Section 5. String Parsing and Dictionaries


Written by Ecy King, Juliette Woodrow, Brahm Capoor, Nick Parlante, Anna Mistele, John Dalloul, and Zheng Lian

Section 5: Strings, Files, and Dictionaries

CONGRATS on finishing up your midterm! You've learned a lot so far. This week in section you will gain some practice with strings, file reading, and dictionaries. There are more problems on this than we expect you to get through in section, so feel free to use the other ones as practice!


Here is the zip file for the project:

PyCharm Project


String Warm Ups

  • Write a function called intersect(a, b). Given two strings, a and b. Return a version of a that includes only those chars which also appear in b. Use case-sensitive comparisons. Use a for/ch/s loop and "in". For example:

    • intersect('Kitten', 'tan') should return'ttn'
    • intersect('Apple', 'ale') should return 'le'
    • intersect('Apple', 'ALE') should return 'A'
    • intersect('Apple', '') should return ''
  • Write a function called alpha_list(s) Given a string s. Build and return a list of all the alphabetic chars in s, so the string 'ow#w' returns ['o', 'w', 'w']. Use list.append() to add to the list and the loop of your choice to loop over the string.For example:

    • alpha_list('AbCd$') should return ['A', 'b', 'C', 'd']
    • alpha_list('!@#a$%^') should return ['a']
    • alpha_list('@') should return [ ]

String Problems

  • Write a function called is_peaceful(word) that returns whether the word is peaceful. We say that a word is peaceful if its letters are in alphabetical order. If the word is peaceful, return True and False otherwise. You may assume you have access to a constant ALPHABET which is a string of the uppercase letters in the alphabet, in sequential order, i.e., ALPHABET = 'ABCDEFGHIJKLMNOPQRSTUVWXYZ'.

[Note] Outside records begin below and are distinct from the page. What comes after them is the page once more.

Lemma psdT_minor p q : X p q * (X p q)^* <= X p p * X q q.
Proof.
have [<-|npq] := eqVneq p q; first by rewrite -psdT_conj.
have a0 := psdT_diag_ge0 p; have b0 := psdT_diag_ge0 q.
have conjX := psdT_conj p q.
set a := X p p in a0 *; set b := X q q in b0 *; set c := X p q in conjX *.
have n0 : 0 <= c * c^* := mul_conjC_ge0 c.
set n := c * c^* in n0 *.
have [a_eq0|a_neq0] := eqVneq a 0.
  have := psdX (fun k =>
    if k == p then - c * (b + 1) else if k == q then n else 0).
  rewrite -/(qform X _) qform_supp2 // -/a -/b -/c conjX a_eq0 (geC0_conj n0).
  rewrite !rmorphM rmorphN rmorphD rmorph1 /= (geC0_conj b0).
  have -> : - c^* * (b + 1) * 0 * (- c * (b + 1)) + - c^* * (b + 1) * c * n +
     n * c^* * (- c * (b + 1)) + n * b * n = - ((b + 2) * (n * n)).
    by rewrite /n; ring.
  rewrite oppr_ge0 pmulr_rle0 ?(le_lt_trans b0) ?ltrDl ?ltr0n // => nn_le0.
  have /eqP : n * n = 0 by apply/eqP; rewrite eq_le nn_le0 mulr_ge0.
  by rewrite mulf_eq0 orbb => /eqP->; rewrite mul0r.
have := psdX (fun k => if k == p then - c else if k == q then a else 0).
rewrite -/(qform X _) qform_supp2 // -/a -/b -/c conjX (geC0_conj a0) rmorphN.
have -> : - c^* * a * - c + - c^* * c * a + a * c^* * - c + a * b * a =
   a * (a * b - n) by rewrite /n; ring.
by rewrite pmulr_rge0 ?subr_ge0 // lt_def a_neq0.
Qed.
End PsdEntries.

Section PsdMatrix.
Variables (d : nat) (A : 'M[C]_d).
Hypothesis psdA : psdT A.

Lemma psdT_mxtrace_ge0 : 0 <= \tr A.
Proof. by apply: sumr_ge0 => i _; apply: psdT_diag_ge0. Qed.

Lemma psdT_sum_sqr_le_mxtrace :
  \sum_i \sum_j A i j * (A i j)^* <= \tr A * \tr A.
Proof.
rewrite mulr_suml; apply: ler_sum => i _; rewrite mulr_sumr.
by apply: ler_sum => j _; apply: psdT_minor.
Qed.

Lemma psdT_mxtrace_eq0 : \tr A = 0 -> A = 0.
Proof.
move/eqP; rewrite psumr_eq0 => [/allP diag0|i _]; last exact: psdT_diag_ge0.
have {}diag0 i : A i i = 0 by apply/eqP/diag0; rewrite mem_index_enum.
apply/matrixP => i j; rewrite mxE; apply/eqP.
rewrite -mul_conjC_eq0 eq_le mul_conjC_ge0 andbT.
by have := psdT_minor psdA i j; rewrite !diag0 mul0r.
Qed.
End PsdMatrix.

Definition sqdiv (c t : C) : C := if t == 0 then 0 else c * c^* / t.

Lemma sqdiv_ge0 c t : 0 <= t -> 0 <= sqdiv c t.
Proof.
by move=> t0; rewrite /sqdiv; case: eqP => // _; rewrite divr_ge0 ?mul_conjC_ge0.
Qed.

Lemma sqdiv_sum_le (I : finType) (P : pred I) (c t : I -> C) :
  (forall i, P i -> 0 <= t i) -> (forall i, P i -> t i = 0 -> c i = 0) ->
  sqdiv (\sum_(i | P i) c i) (\sum_(i | P i) t i) <=
  \sum_(i | P i) sqdiv (c i) (t i).
Proof.
move=> t_ge0 c0.
set T := \sum_(i | P i) t i; set S := \sum_(i | P i) c i.
rewrite {1}/sqdiv; case: eqP => [_|/eqP T_neq0].
  by apply: sumr_ge0 => i Pi; apply/sqdiv_ge0/t_ge0.
have conjT : T^* = T by apply/geC0_conj/sumr_ge0.
(* Completing the square: the i-th defect is t_i |c_i / t_i - S / T|^2. *)
pose defect i := sqdiv (c i) (t i) - c i * (S^* / T) - (c i)^* * (S / T)
                 + t i * (S * S^* / (T * T)).
have -> : \sum_(i | P i) sqdiv (c i) (t i) =
          S * S^* / T + \sum_(i | P i) defect i.
  rewrite big_split /= !sumrB -!mulr_suml -/S -/T -rmorph_sum /= -/S.
  by field.
rewrite lerDl; apply: sumr_ge0 => i Pi; rewrite /defect /sqdiv.
have [ti0|ti_neq0] := eqVneq (t i) 0.
  by rewrite ti0 (c0 i Pi ti0) rmorph0 !mul0r !subr0 addr0.
have -> : c i * (c i)^* / t i - c i * (S^* / T) - (c i)^* * (S / T) +
          t i * (S * S^* / (T * T)) =
          t i * ((c i / t i - S / T) * (c i / t i - S / T)^*).
  rewrite rmorphB /= !rmorphM /= !fmorphV /= conjT (geC0_conj (t_ge0 i Pi)).
  by field; rewrite T_neq0 ti_neq0.
by rewrite mulr_ge0 ?t_ge0 ?mul_conjC_ge0.
Qed.

Definition vdot d (A : 'M[C]_d) (u : ('I_d * 'I_d)%type -> C) : C :=
  \sum_p (u p)^* * A p.1 p.2.

Lemma vdot_sum d (I : finType) (P : pred I) (A : I -> 'M[C]_d) u :
  vdot (\sum_(x | P x) A x) u = \sum_(x | P x) vdot (A x) u.
Proof.
rewrite /vdot; under eq_bigr do rewrite summxE mulr_sumr.
by rewrite exchange_big.
Qed.

Definition Gfam d (I : finType) (A : I -> 'M[C]_d) : opT ('I_d * 'I_d)%type :=
  fun p q => \sum_x
    (if \tr (A x) == 0 then 0 else vec_proj (A x) p q / \tr (A x)).

Lemma qform_Gfam d (I : finType) (A : I -> 'M[C]_d) u :
  qform (Gfam A) u = \sum_x sqdiv (vdot (A x) u) (\tr (A x)).
Proof.
rewrite /qform /Gfam.
under eq_bigr do under eq_bigr do rewrite mulr_sumr mulr_suml.
under eq_bigr do rewrite exchange_big.
rewrite exchange_big; apply: eq_bigr => x _; rewrite /sqdiv /vdot.
case: eqP => [_|/eqP tr_neq0].
  by rewrite big1 // => p _; rewrite big1 // => q _; rewrite mulr0 mul0r.
rewrite rmorph_sum !mulr_suml; apply: eq_bigr => p _.
rewrite mulr_sumr mulr_suml; apply: eq_bigr => q _.
by rewrite /vec_proj rmorphM /= conjCK; field.
Qed.

Section Gfam.
Variables (d : nat) (I : finType) (A : I -> 'M[C]_d).
Hypothesis psdA : forall x, psdT (A x).

Lemma Gfam_herm : hermT (Gfam A).
Proof.
move=> p q; rewrite /Gfam rmorph_sum; apply: eq_bigr => x _.
case: eqP => _; first by rewrite rmorph0.
have trA_ge0 := psdT_mxtrace_ge0 (psdA x).
rewrite /vec_proj !rmorphM fmorphV /= conjCK (geC0_conj trA_ge0).
by rewrite [_ * _^*]mulrC.
Qed.

Lemma Gfam_trace_le : trT (Gfam A) <= \sum_x \tr (A x).
Proof.
rewrite /trT /Gfam exchange_big /=; apply: ler_sum => x _.
have trA_ge0 := psdT_mxtrace_ge0 (psdA x).
case: eqP => [_|/eqP tr_neq0]; first by rewrite big1.
rewrite -mulr_suml ler_pdivrMr ?lt_def ?tr_neq0 //.
rewrite -(pair_bigA _ (fun i j => A x i j * (A x i j)^*)).
exact: psdT_sum_sqr_le_mxtrace.
Qed.

Lemma Gfam_coarsen_psd (K : finType) (f : I -> K) :
  psdT (fun p q => Gfam A p q - Gfam (fun k => \sum_(x | f x == k) A x) p q).
Proof.
move=> u; rewrite -/(qform _ u) qformB subr_ge0 !qform_Gfam.
rewrite (partition_big f xpredT) //=; apply: ler_sum => k _.
rewrite raddf_sum vdot_sum; apply: sqdiv_sum_le => x _.
  exact: psdT_mxtrace_ge0.
move/(psdT_mxtrace_eq0 (psdA x)) => ->.
by rewrite /vdot big1 // => p _; rewrite mxE mulr0.
Qed.
End Gfam.

Lemma psdT_rank1 (B : finType) (v : B -> C) : psdT (fun p q => v p * (v q)^*).
Proof.
move=> u; rewrite -/(qform _ u).
have -> : qform (fun p q => v p * (v q)^*) u =
          (\sum_p (u p)^* * v p) * (\sum_p (u p)^* * v p)^*.
  rewrite rmorph_sum mulr_suml; apply: eq_bigr => p _.
  rewrite mulr_sumr; apply: eq_bigr => q _.
  by rewrite rmorphM /= conjCK; ring.
exact: mul_conjC_ge0.
Qed.

Lemma psdT_pair_ord1 (B : finType) (Y : opT B) :
  psdT (fun p q : (B * 'I_1)%type => Y p.1 q.1) -> psdT Y.
Proof.
move=> psdY u; have := psdY (fun p => u p.1).
have sum_pair (F : B * 'I_1 -> C) : \sum_p F p = \sum_y F (y, ord0).
  rewrite (eq_bigr (fun p => F (p.1, p.2))) => [|[] //].
  rewrite -(pair_bigA _ (fun y k => F (y, k))).
  by apply: eq_bigr => y _; rewrite big_ord1.
by under eq_bigr do rewrite sum_pair; rewrite sum_pair.
Qed.

Section LinearMap.
Variables (d : nat) (B : finType) (L : 'M[C]_d -> opT B).
Hypothesis linL : lin_mapT L.

Lemma lin_mapT0 y z : L 0 y z = 0.
Proof.
have := linL 1 0 0 y z; rewrite scale1r addr0 mul1r => /eqP.
by rewrite addrC -subr_eq subrr eq_sym => /eqP.
Qed.

Lemma lin_mapT_sum (I : finType) (P : pred I) (F : I -> 'M[C]_d) y z :
  L (\sum_(x | P x) F x) y z = \sum_(x | P x) L (F x) y z.
Proof.
apply: (big_rec2 (fun X s => L X y z = s)) => [|x X s _ <-].
  exact: lin_mapT0.
by have := linL 1 (F x) X y z; rewrite scale1r mul1r.
Qed.

Lemma lin_mapT_delta X y z :
  L X y z = \sum_a \sum_b X a b * L (delta_mx a b) y z.
Proof.
rewrite {1}(matrix_sum_delta X) lin_mapT_sum; apply: eq_bigr => a _.
rewrite lin_mapT_sum; apply: eq_bigr => b _.
by have := linL (X a b) (delta_mx a b) 0 y z; rewrite !addr0 lin_mapT0 addr0.
Qed.
End LinearMap.

(* [adj_proj L w] is [L^*(|w><w|)], with [L^*] the Hilbert-Schmidt adjoint as in
   [hs_adjoint]. *)
Definition adj_proj d (B : finType) (L : 'M[C]_d -> opT B) (w : B -> C)
  : 'M[C]_d :=
  \matrix_(a, b) \sum_y \sum_z w y * (w z)^* * (L (delta_mx a b) y z)^*.

Lemma exchange_big22 (I J K L : finType) (F : I -> J -> K -> L -> C) :
  \sum_i \sum_j \sum_k \sum_l F i j k l = \sum_k \sum_l \sum_i \sum_j F i j k l.
Proof.
under eq_bigr do rewrite exchange_big; rewrite exchange_big.
apply: eq_bigr => k _; under eq_bigr do rewrite exchange_big.
by rewrite exchange_big.
Qed.

Lemma qform_adj_proj d (B : finType) (L : 'M[C]_d -> opT B) w v :
  lin_mapT L ->
  qform (adj_proj L w) v = (qform (L (\matrix_(a, b) (v a * (v b)^*))) w)^*.
Proof.
move=> linL; rewrite /qform.
transitivity (\sum_a \sum_b \sum_y \sum_z
    (v a)^* * v b * w y * (w z)^* * (L (delta_mx a b) y z)^*).
  apply: eq_bigr => a _; apply: eq_bigr => b _.
  rewrite mxE mulr_sumr mulr_suml; apply: eq_bigr => y _.
  by rewrite mulr_sumr mulr_suml; apply: eq_bigr => z _; ring.
rewrite exchange_big22 rmorph_sum; apply: eq_bigr => y _.
rewrite rmorph_sum; apply: eq_bigr => z _.
rewrite lin_mapT_delta // !rmorphM /= conjCK rmorph_sum mulr_sumr mulr_suml.
apply: eq_bigr => a _; rewrite rmorph_sum mulr_sumr mulr_suml.
by apply: eq_bigr => b _; rewrite !mxE !rmorphM /= conjCK; ring.
Qed.

Lemma adj_proj_psd d (B : finType) (L : 'M[C]_d -> opT B) w :
  lin_mapT L -> cp_mapT L -> psdT (adj_proj L w).
Proof.
move=> linL cpL v; rewrite -/(qform _ v) qform_adj_proj // conjC_ge0.
apply: psdT_pair_ord1 w.
have := cpL 1%N _ (psdT_rank1 (fun p : ('I_d * 'I_1)%type => v p.1)).
by apply: psdT_ext => p q /=; congr (L _ _ _); apply/matrixP => a b; rewrite !mxE.
Qed.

    • For example, ABS, ALMOST, CHIPS, DIRTY, FIRST, and HOST are all peaceful words. -
  • Write a function is_stacatto(word) that returns True if a word is a stacatto word and False otherwise. We say that a word is a stacatto word if all of the letters in even positions are vowels (i.e., the second, fourth, sixth, etc. letters are vowels).

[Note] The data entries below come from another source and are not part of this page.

Lemma ray_hrep_D0 kk : (kk < n0)%N -> ray_hrep kk.
Proof.
move=> hk.
exists (fun a y => if `[< a = kk /\ ray_vertex kk >] then coord y 0 else 0); split; last first.
  move=> a; case: (asboolP (a = kk /\ ray_vertex kk)) => [[-> rk]|_]; last by left.
  by right; split=> //; left.
split=> [a|]; first by case: asboolP => _; [apply: affine_fun_coord | apply: affine_fun0].
apply/seteqP; split=> y.
  move=> Dy; split=> [|a _]; first exact: subset_affine_hull.
  by case: asboolP => [[_ rk]|//]; move: Dy; rewrite (ray_vertexE rk).
case=> _ Qy; have [DT|nT] := pselect (D kk = setT); first by rewrite DT.
have rk : ray_vertex kk by [].
by have := Qy kk hk; rewrite asboolT // (ray_vertexE rk).
Qed.

Lemma cone_vertices_sub t j : (t < lc_steps C)%N -> J t j ->
  forall w, cone_vertices j w -> J t w.
Proof.
move=> ht Jj w [->//|[hj Jw]]; have [Jlt _] := limit_steps ht; have jt := Jlt j Jj.
by apply: (constructive (t := j - n0) _ ht _ Jw); [lia | rewrite subnKC].
Qed.

Lemma ray_hrep_step t : (t < lc_steps C)%N ->
  (forall j, (j < n0 + t)%N -> ray_hrep j) -> ray_hrep (n0 + t)%N.
Proof.
move=> ht IH; have [Jlt [size_E lim]] := limit_steps ht.
pose leg_t := leg (k := (n0 + t)%N) E.
exists (fun a y => if `[< ray_vertex a >] && J t a then coord (leg_t a y) 0 else 0).
split; last first.
  move=> a; case: (asboolP (ray_vertex a)) => ra /=; last by left.
  case Ja: (J t a); last by left.
  have ca : cone_vertices (n0 + t) a by right; rewrite leq_addr addKn.
  right; split=> // x cx; have [p Ep] := leg_edge size_E Ja.
  by rewrite /leg_t -(mapp_leg size_E _ Ep) (cx _ _ (or_introl erefl) ca p Ep).
split=> [a|]; first by case: (_ && _); [apply: affine_fun_coord_leg | apply: affine_fun0].
apply/seteqP; split=> y.
  move=> Dy; split=> [|a _]; first exact: subset_affine_hull.
  case: ifP => // /andP [/asboolP ra Ja].
  by have := leg_maps size_E Ja Dy; rewrite (ray_vertexE ra).
case=> hy Qy; apply: (hull_mem_of_legs size_E lim hy) => j Jj.
have [Qj [[_ defDj] Qjs]] := IH j (Jlt j Jj).
rewrite defDj; split=> [|a ha]; first exact: leg_hull.
have [->//|[ra ca Qja]] := Qjs a.
rewrite (Qja (fun w => leg_t w y)).
  by have := Qy a ha; rewrite asboolT // (cone_vertices_sub ht Jj ca).
move=> w1 w2 c1 c2 e Ee.
by apply: (leg_compat size_E lim hy _ _ Ee); apply: (cone_vertices_sub ht Jj).
Qed.

Lemma ray_hrep_all kk : (kk < size V)%N -> ray_hrep kk.
Proof.
elim/ltn_ind: kk => kk IH hk; have [lt_kk|ge_kk] := ltnP kk n0; first exact: ray_hrep_D0.
rewrite -(subnKC ge_kk); apply: ray_hrep_step => [|j hj]; first by rewrite /lc_steps; lia.
by apply: IH; lia.
Qed.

    • For this problem, the vowels are A, E, I, O, U, and Y.
    • For example, AUTOMATIC, CAFETERIA, HESITATE, LEGITIMATE, and POPULATE are stacatto words.

Full Program

  • Suppose you're given a file called many_words.txt that contains many words in the English language, where each one is on a different line. Write the following functions, using the functions you wrote in the previous problem:

    • count_peaceful(filename) which returns the number of English words that are peaceful.
    • count_stacatto(filename) which returns the number of English words that are stacatto words.

String Parsing

Parse Out Hashtags

  • Implement a function, parse_out_hashtag(s), which takes in a string representing a single tweet and returns a list containing all of the hashtags within the tweet. A Hashtag can be defined as a string of 1 or more alphanumeric characters immediately following a "#" character. A single hashtag ends at the first non-alphanumeric character following the '#'. For example:
    • parse_out_hashtag('You are so cool #amazing') should return the list ['amazing']
    • parse_out_hashtag('I love #cats #dogs #hamsters') should return the list ['cats', 'dogs', 'hamsters']
    • parse_out_hashtag('I do not like hashtags') should return []
    • parse_out_hashtag("So far, we've covered #strings #lists #bit #functions") should return ['strings', 'lists', 'bit', 'functions']

Dictionaries

  • Write a function create_nums(n). Given non-negative int n, create and return a "nums" dict that has a key for every number in the range 0..n-1, and its value is the string form of that number. For example
    • n=3 returns {0: '0', 1: '1', 2: '2'}
  • Write a function year_count You are given a list of date strings, all of which have the form m/d/y form like '3/25/2020'. Build a counts dict, where each key is an int year, and its value is the number of dates in the list with that year. For example:
    • year_count(['1/2/2019', '11/12/2019', '12/4/2019', '1/6/2019']) should return {2019: 4}
    • year_count(['1/2/2019', '11/12/2020', '12/4/2021', '1/6/2022']) should return {2019: 1, 2020: 1, 2021: 1, 2022: 1}
    • year_count(['1/1/2000']) should return {2000: 1}
    • year_count([]) should return {}